**WHAT THE TASK ASKS**
Given the material below, return only the lines starting at the line with "[&& sorted geq" and ending at the line with "Definition block_ends (mu", exactly as they appear.

**RECORD EXTRACTS**
*** Begin section ***

(* Let $\mathcal T=(\mathcal S,\to)$ be an LTS over $\Sigma$, $\mathcal V$ a valuation, $Z\in\mathrm{Var}$, $\sigma\in\{\mu,\nu\}$, and $\Phi$ a fixpoint-free formula in positive normal form such that $\sigma Z.\Phi$ is well-formed, and let $S=[\![\sigma Z.\Phi]\!]_{\mathcal V}$. Then $S\vdash^{\mathcal T}_{\mathcal V,\varepsilon}\sigma Z.\Phi$ ($\varepsilon$ the empty definition list) has a successful tableau.
   Context: Fix a set $\Sigma$ and a countably infinite set $\mathrm{Var}$ of variables. An LTS is $\mathcal T=(\mathcal S,\to)$ with ${\to}\subseteq\mathcal S\times\Sigma\times\mathcal S$; $s\xrightarrow{K}s'$ means $s\xrightarrow{a}s'$ for some $a\in K$. A valuation is $\mathcal V:\mathrm{Var}\to 2^{\mathcal S}$. Formulas: $\Phi::=Z\mid\neg\Phi\mid\Phi_1\wedge\Phi_2\mid[K]\Phi\mid\nu Z.\Phi$, well-formed if in each $\nu Z.\Phi$ every free occurrence of $Z$ in $\Phi$ is under an even number of negations. Derived: $\vee$, $\langle K\rangle\Phi=\neg[K]\neg\Phi$, $\mu Z.\Phi=\neg\nu Z.\neg\Phi[Z:=\neg Z]$. Semantics: $[\![Z]\!]_{\mathcal V}=\mathcal V(Z)$, negation = complement, $\wedge$ = intersection, $[\![[K]\Phi]\!]_{\mathcal V}=\{s\mid\forall s'.\ s\xrightarrow{K}s'\Rightarrow s'\in[\![\Phi]\!]_{\mathcal V}\}$, $[\![\nu Z.\Phi]\!]_{\mathcal V}=\bigcup\{S'\mid S'\subseteq[\![\Phi]\!]_{\mathcal V[Z:=S']}\}$ (so $[\![\mu Z.\Phi]\!]$ is the least fixpoint). Positive normal form: built from $Z,\neg Z,\wedge,\vee,[K],\langle K\rangle,\nu,\mu$. Fixpoint-free: no subformula $\nu Z.\Psi$ or $\mu Z.\Psi$. Definition list $\Delta=(U_1=\Phi_1)\cdots(U_n=\Phi_n)$: distinct $U_i$, no $U_i$ bound in any $\Phi_j$, $U_j$ not free in $\Phi_i$ for $i\le j$; $\Delta(U_i)=\Phi_i$. Sequent $S\vdash^{\mathcal T}_{\mathcal V,\Delta}\Phi$: $S\subseteq\mathcal S$, $\Phi$ in positive normal form, every $U\in\mathrm{dom}(\Delta)$ positive and not bound in $\Phi$. Rules (conclusion; premises): ($\wedge$) $S\vdash_\Delta\Phi_1\wedge\Phi_2$; $S\vdash_\Delta\Phi_1$, $S\vdash_\Delta\Phi_2$. ($\vee$) $S\vdash_\Delta\Phi_1\vee\Phi_2$; $S_1\vdash_\Delta\Phi_1$, $S_2\vdash_\Delta\Phi_2$, $S=S_1\cup S_2$. ($[K]$) $S\vdash_\Delta[K]\Phi$; $\{s'\mid\exists s\in S.\ s\xrightarrow{K}s'\}\vdash_\Delta\Phi$. ($\langle K\rangle$, witness $f:S\to\mathcal S$, $s\xrightarrow{K}f(s)$) $S\vdash_\Delta\langle K\rangle\Phi$; $f(S)\vdash_\Delta\Phi$. ($\sigma Z$) $S\vdash_\Delta\sigma Z.\Phi$; $S\vdash_{\Delta\cdot(U=\sigma Z.\Phi)}U$, $U$ fresh. (Un) $S\vdash_\Delta U$; $S\vdash_\Delta\Phi[Z:=U]$, $\Delta(U)=\sigma Z.\Phi$. (Thin) $S\vdash_\Delta\Phi$; $S'\vdash_\Delta\Phi$, $S\subseteq S'$. A tableau is a finite nonempty ordered tree of nodes labelled by sequents over $\mathcal T,\mathcal V$, each internal node labelled by a rule application (plus witness function for $\langle K\rangle$) forming a rule instance with its ordered children, whose root has empty definition list and whose leaves $n$ (sequent $S_n\vdash_\Delta\Phi$) are terminal: (a) $\Phi\in\{Z,\neg Z\}$, $Z\notin\mathrm{dom}(\Delta)$; (b) $\Phi=\langle K\rangle\Psi$ and some $s\in S_n$ has no $K$-successor; (c) $\Phi=U\in\mathrm{dom}(\Delta)$ and some strict ancestor $m$ has formula $U$ with $S_n\subseteq S_m$ ($\mu$-/$\nu$-leaf according to $\Delta(U)$). Companion nodes: nodes with rule Un; companion leaves of $m$: leaves strictly below $m$ with the same formula and $S_n\subseteq S_m$, excluding companion leaves of companion nodes strictly below $m$. For a child $n'$ of $n$: $s'<_{n',n}s$ iff $s'\in S_{n'}$, $s\in S_n$ and (rule $[K]$, $s\xrightarrow{K}s'$) or (rule $(\langle K\rangle,f)$, $s'=f(s)$) or (other rule, $s'=s$). $\lessdot_{n',n}$ is least with $s\lessdot_{n,n}s$ and ($s'\lessdot_{n',m}s''$, $s''<_{m,n}s$)$\Rightarrow s'\lessdot_{n',n}s$. $<:_{n',n}$, $<:_m$ are least with: $s'<:_m s$ iff some companion leaf $m'$ of $m$ has $s'\in S_{m'}$, $s'<:_{m',m}s$; $s'<:_{n',n}s$ iff $s'\in S_{n'}$, $s\in S_n$, and $s'\lessdot_{n',n}s$ or some companion node $m\notin\{n,n'\}$ and $t,t'\in S_m$ satisfy $s'<:_{n',m}t'$, $t'(<:_m)^+t$, $t\lessdot_{m,n}s$. A leaf is successful iff: formula $Z$ and $S_n\subseteq\mathcal V(Z)$; or $\neg Z$ and $S_n\cap\mathcal V(Z)=\emptyset$; or $\nu$-leaf; or $\mu$-leaf whose companion node $m$ has $<:_m$ well-founded. A tableau is successful iff all its leaves are successful. *)

From Stdlib Require Import List Arith Relations.
Import ListNotations.
Set Implicit Arguments.

Definition var := nat.

(* Formulas.  The derived connectives (or, diamond, mu) are included as
   constructors; their semantics below is exactly the semantics of their
   defining abbreviations. *)
Inductive form (A : Type) : Type :=
| FVar : var -> form A
| FNeg : form A -> form A
| FAnd : form A -> form A -> form A
| FOr  : form A -> form A -> form A
| FBox : (A -> Prop) -> form A -> form A
| FDia : (A -> Prop) -> form A -> form A
| FNu  : var -> form A -> form A
| FMu  : var -> form A -> form A.
Arguments FVar {A}.

Definition step {St A : Type} (tr : St -> A -> St -> Prop) (K : A -> Prop) (s s' : St) : Prop :=
  exists a, K a /\ tr s a s'.

Definition upd {St : Type} (V : var -> St -> Prop) (Z : var) (S : St -> Prop) : var -> St -> Prop :=
  fun X => if Nat.eqb X Z then S else V X.

Fixpoint sem {St A : Type} (tr : St -> A -> St -> Prop) (V : var -> St -> Prop) (f : form A)
  : St -> Prop :=
  match f with
  | FVar X => V X
  | FNeg g => fun s => ~ sem tr V g s
  | FAnd g h => fun s => sem tr V g s /\ sem tr V h s
  | FOr g h => fun s => sem tr V g s \/ sem tr V h s
  | FBox K g => fun s => forall s', step tr K s s' -> sem tr V g s'
  | FDia K g => fun s => exists s', step tr K s s' /\ sem tr V g s'
  | FNu Z g => fun s => exists S' : St -> Prop,
                 (forall x, S' x -> sem tr (upd V Z S') g x) /\ S' s
  | FMu Z g => fun s => forall S' : St -> Prop,
                 (forall x, sem tr (upd V Z S') g x -> S' x) -> S' s
  end.

Fixpoint free_in {A} (X : var) (f : form A) : Prop :=
  match f with
  | FVar Y => Y = X
  | FNeg g => free_in X g
  | FAnd g h | FOr g h => free_in X g \/ free_in X h
  | FBox _ g | FDia _ g => free_in X g
  | FNu Y g | FMu Y g => Y <> X /\ free_in X g
  end.

Fixpoint bound_in {A} (X : var) (f : form A) : Prop :=
  match f with
  | FVar _ => False
  | FNeg g => bound_in X g
  | FAnd g h | FOr g h => bound_in X g \/ bound_in X h
  | FBox _ g | FDia _ g => bound_in X g
  | FNu Y g | FMu Y g => Y = X \/ bound_in X g
  end.

Fixpoint occurs_in {A} (X : var) (f : form A) : Prop :=
  match f with
  | FVar Y => Y = X
  | FNeg g => occurs_in X g
  | FAnd g h | FOr g h => occurs_in X g \/ occurs_in X h
  | FBox _ g | FDia _ g => occurs_in X g
  | FNu Y g | FMu Y g => Y = X \/ occurs_in X g
  end.

(* For the derived
   connectives the count is that of their unfolding (mu Z.g = ~nu Z.~g[Z:=~Z]
   adds two negations above every other variable; or/diamond add none on net). *)
Fixpoint par {A} (Z : var) (b : bool) (f : form A) : Prop :=
  match f with
  | FVar Y => Y = Z -> b = true
  | FNeg g => par Z (negb b) g
  | FAnd g h | FOr g h => par Z b g /\ par Z b h
  | FBox _ g | FDia _ g => par Z b g
  | FNu Y g | FMu Y g => Y = Z \/ par Z b g
  end.

Definition positive {A} (Z : var) (f : form A) : Prop := par Z true f.

Fixpoint wellformed {A} (f : form A) : Prop :=
  match f with
  | FVar _ => True
  | FNeg g => wellformed g
  | FAnd g h | FOr g h => wellformed g /\ wellformed h
  | FBox _ g | FDia _ g => wellformed g
  | FNu Z g | FMu Z g => par Z true g /\ wellformed g
  end.

Fixpoint pnf {A} (f : form A) : Prop :=
  match f with
  | FVar _ => True
  | FNeg g => exists X, g = FVar X
  | FAnd g h | FOr g h => pnf g /\ pnf h
  | FBox _ g | FDia _ g => pnf g
  | FNu _ g | FMu _ g => pnf g
  end.

Fixpoint fixpoint_free {A} (f : form A) : Prop :=
  match f with
  | FVar _ => True
  | FNeg g => fixpoint_free g
  | FAnd g h | FOr g h => fixpoint_free g /\ fixpoint_free h
  | FBox _ g | FDia _ g => fixpoint_free g
  | FNu _ _ | FMu _ _ => False
  end.

Fixpoint subst {A} (Z U : var) (f : form A) : form A :=
  match f with
  | FVar Y => if Nat.eqb Y Z then FVar U else FVar Y
  | FNeg g => FNeg (subst Z U g)
  | FAnd g h => FAnd (subst Z U g) (subst Z U h)
  | FOr g h => FOr (subst Z U g) (subst Z U h)
  | FBox K g => FBox K (subst Z U g)
  | FDia K g => FDia K (subst Z U g)
  | FNu Y g => if Nat.eqb Y Z then FNu Y g else FNu Y (subst Z U g)
  | FMu Y g => if Nat.eqb Y Z then FMu Y g else FMu Y (subst Z U g)
  end.

Definition deflist (A : Type) := list (var * form A).

Definition dom {A} (D : deflist A) (U : var) : Prop := In U (map fst D).

Fixpoint lookup {A} (D : deflist A) (U : var) : option (form A) :=
  match D with
  | [] => None
  | (V, f) :: D' => if Nat.eqb V U then Some f else lookup D' U
  end.

Definition is_deflist {A} (D : deflist A) : Prop :=
  NoDup (map fst D) /\
  (forall U f, dom D U -> In f (map snd D) -> ~ bound_in U f) /\
  (forall i j Ui fi Uj fj, nth_error D i = Some (Ui, fi) -> nth_error D j = Some (Uj, fj) ->
     i <= j -> ~ free_in Uj fi).

Record sequent (St A : Type) : Type := Seq {
  sset  : St -> Prop;
  sdefs : deflist A;
  sform : form A }.

Definition is_sequent {St A} (s : sequent St A) : Prop :=
  is_deflist (sdefs s) /\ pnf (sform s) /\
  (forall U, dom (sdefs s) U -> positive U (sform s) /\ ~ bound_in U (sform s)).

Definition seteq {St} (S T : St -> Prop) : Prop := forall x, S x <-> T x.
Definition subset {St} (S T : St -> Prop) : Prop := forall x, S x -> T x.

Inductive rule_app (St : Type) : Type :=
| RAnd | ROr | RBox | RDia (f : St -> St) | RFix | RUn | RThin.
Arguments RAnd {St}. Arguments ROr {St}. Arguments RBox {St}.
Arguments RFix {St}. Arguments RUn {St}. Arguments RThin {St}.

Definition fresh {St A} (U : var) (c : sequent St A) : Prop :=
  ~ dom (sdefs c) U /\ ~ occurs_in U (sform c) /\
  (forall f, In f (map snd (sdefs c)) -> ~ occurs_in U f).

Definition rule_ok {St A} (tr : St -> A -> St -> Prop) (r : rule_app St)
  (c : sequent St A) (ps : list (sequent St A)) : Prop :=
  match r, ps with
  | RAnd, [p1; p2] =>
      sform c = FAnd (sform p1) (sform p2) /\ sdefs p1 = sdefs c /\ sdefs p2 = sdefs c /\
      seteq (sset p1) (sset c) /\ seteq (sset p2) (sset c)
  | ROr, [p1; p2] =>
      sform c = FOr (sform p1) (sform p2) /\ sdefs p1 = sdefs c /\ sdefs p2 = sdefs c /\
      seteq (sset c) (fun x => sset p1 x \/ sset p2 x)
  | RBox, [p] =>
      (exists K, sform c = FBox K (sform p) /\
        seteq (sset p) (fun y => exists x, sset c x /\ step tr K x y)) /\
      sdefs p = sdefs c
  | RDia f, [p] =>
      (exists K, sform c = FDia K (sform p) /\
        (forall x, sset c x -> step tr K x (f x))) /\
      seteq (sset p) (fun y => exists x, sset c x /\ y = f x) /\
      sdefs p = sdefs c
  | RFix, [p] =>
      (exists Z g, sform c = FNu Z g \/ sform c = FMu Z g) /\
      (exists U, fresh U c /\ sdefs p = sdefs c ++ [(U, sform c)] /\ sform p = FVar U) /\
      seteq (sset p) (sset c)
  | RUn, [p] =>
      (exists U Z g, sform c = FVar U /\
        (lookup (sdefs c) U = Some (FNu Z g) \/ lookup (sdefs c) U = Some (FMu Z g)) /\
        sform p = subst Z U g) /\
      sdefs p = sdefs c /\ seteq (sset p) (sset c)
  | RThin, [p] =>
      sform p = sform c /\ sdefs p = sdefs c /\ subset (sset c) (sset p)
  | _, _ => False
  end.

Inductive tree (St A : Type) : Type :=
| Node : sequent St A -> option (rule_app St) -> list (tree St A) -> tree St A.

Definition label {St A} (t : tree St A) : sequent St A :=
  match t with Node s _ _ => s end.

Definition addr := list nat.

Fixpoint subtree {St A} (t : tree St A) (p : addr) : option (tree St A) :=
  match p with
  | [] => Some t
  | i :: q => match t with
              | Node _ _ ch => match nth_error ch i with
                               | Some t' => subtree t' q
                               | None => None
                               end
              end
  end.

Definition is_node {St A} (t : tree St A) (p : addr) : Prop := subtree t p <> None.

Definition seq_at {St A} (t : tree St A) (p : addr) (s : sequent St A) : Prop :=
  exists r ch, subtree t p = Some (Node s r ch).

Definition rule_at {St A} (t : tree St A) (p : addr) (r : rule_app St) : Prop :=
  exists s ch, subtree t p = Some (Node s (Some r) ch).

Definition is_leaf {St A} (t : tree St A) (p : addr) : Prop :=
  exists s r, subtree t p = Some (Node s r []).

Definition inS {St A} (t : tree St A) (p : addr) (x : St) : Prop :=
  exists s, seq_at t p s /\ sset s x.

Definition strict_anc (q p : addr) : Prop := exists r, r <> [] /\ p = q ++ r.

Definition terminal {St A} (tr : St -> A -> St -> Prop) (t : tree St A) (p : addr)
  (s : sequent St A) : Prop :=
  (exists Z, (sform s = FVar Z \/ sform s = FNeg (FVar Z)) /\ ~ dom (sdefs s) Z) \/
  (exists K g, sform s = FDia K g /\ exists x, sset s x /\ ~ exists y, step tr K x y) \/
  (exists U, sform s = FVar U /\ dom (sdefs s) U /\
     exists q sq, strict_anc q p /\ seq_at t q sq /\ sform sq = FVar U /\
                  subset (sset s) (sset sq)).

Definition node_ok {St A} (tr : St -> A -> St -> Prop) (t : tree St A) (p : addr) : Prop :=
  forall s r ch, subtree t p = Some (Node s r ch) ->
    is_sequent s /\
    match ch with
    | [] => r = None /\ terminal tr t p s
    | _ => exists ra, r = Some ra /\ rule_ok tr ra s (map label ch)
    end.

Definition is_tableau {St A} (tr : St -> A -> St -> Prop) (t : tree St A) : Prop :=
  sdefs (label t) = [] /\ forall p, is_node t p -> node_ok tr t p.

Definition companion_node {St A} (t : tree St A) (m : addr) : Prop := rule_at t m RUn.

Definition cl_cond {St A} (t : tree St A) (m n : addr) : Prop :=
  is_leaf t n /\ strict_anc m n /\
  exists sm sn, seq_at t m sm /\ seq_at t n sn /\ sform sn = sform sm /\
                subset (sset sn) (sset sm).

(* companion leaves, by recursion on a fuel bound; fuel = length n suffices since
   each recursive call moves m strictly down towards n *)
Fixpoint cl_fuel {St A} (k : nat) (t : tree St A) (m n : addr) : Prop :=
  match k with
  | 0 => False
  | S k' => cl_cond t m n /\
            ~ (exists m', companion_node t m' /\ strict_anc m m' /\ cl_fuel k' t m' n)
  end.
(* Let $n\ge 4$ and let $B$ be an $n\times n$ nilpotent matrix over $\mathbb{F}$ with $B^2\neq 0$. Then $\mathcal{P}(\mathcal{N}_B)\subsetneq \mathcal{P}(n)$, i.e. there exists a partition $\underline{\mu}$ of $n$ such that no nilpotent matrix of shape $\underline{\mu}$ commutes with $B$.
   Context: $\mathbb{F}$ is an algebraically closed field of characteristic $0$. A partition of $n$ is a nonincreasing sequence of positive integers summing to $n$; $\mathcal{P}(n)$ denotes the set of all partitions of $n$. For a nilpotent matrix $A$, its shape $\mathrm{sh}(A)$ is the partition of $n$ given by the sizes of the Jordan blocks of its Jordan canonical form. For a nilpotent $n\times n$ matrix $B$, $\mathcal{N}_B$ is the set of all nilpotent $n\times n$ matrices $A$ with $AB=BA$, and $\mathcal{P}(\mathcal{N}_B)=\{\mathrm{sh}(A): A\in\mathcal{N}_B\}$. *)

From HB Require Import structures.
From mathcomp Require Import all_boot all_algebra.
Set Implicit Arguments. Unset Strict Implicit. Unset Printing Implicit Defensive.
Import GRing.Theory.
Local Open Scope ring_scope.

Definition is_partition (n : nat) (mu : seq nat) : bool :=
  [&& sorted geq mu, all (fun k => 0 < k)%N mu & sumn mu == n].

Definition nilpotent_mx (F : pzRingType) (n : nat) (A : 'M[F]_n) : Prop :=
  exists k : nat, A ^+ k = 0.

(* Partial sums mu_1, mu_1+mu_2, ..., i.e. the block boundaries. *)
Definition block_ends (mu : seq nat) : seq nat :=
  [seq sumn (take k mu) | k <- iota 1 (size mu)].

(* The nilpotent Jordan matrix with Jordan blocks of sizes mu_1, mu_2, ...
   (in this order along the diagonal, ones on the superdiagonal inside
   each block). *)
Definition jordan_nil_mx (F : pzRingType) (n : nat) (mu : seq nat) : 'M[F]_n :=
  \matrix_(i < n, j < n)
    ((j == i.+1 :> nat) && (i.+1 \notin block_ends mu))%:R.

Definition has_shape (F : fieldType) (n : nat) (A : 'M[F]_n) (mu : seq nat) : Prop :=
  is_partition n mu /\
  exists2 P : 'M[F]_n, P \in unitmx & A = invmx P *m jordan_nil_mx F n mu *m P.

From HB Require Import structures.
From mathcomp Require Import all_boot all_algebra.
From mathcomp Require Import zify.
From Stdlib Require Import Classical.
Set Implicit Arguments. Unset Strict Implicit. Unset Printing Implicit Defensive.
Import GRing.Theory.
Local Open Scope ring_scope.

*** End section ***

**FINISHED TASK**
  [&& sorted geq mu, all (fun k => 0 < k)%N mu & sumn mu == n].

Definition nilpotent_mx (F : pzRingType) (n : nat) (A : 'M[F]_n) : Prop :=
  exists k : nat, A ^+ k = 0.

(* Partial sums mu_1, mu_1+mu_2, ..., i.e. the block boundaries. *)
Definition block_ends (mu : seq nat) : seq nat :=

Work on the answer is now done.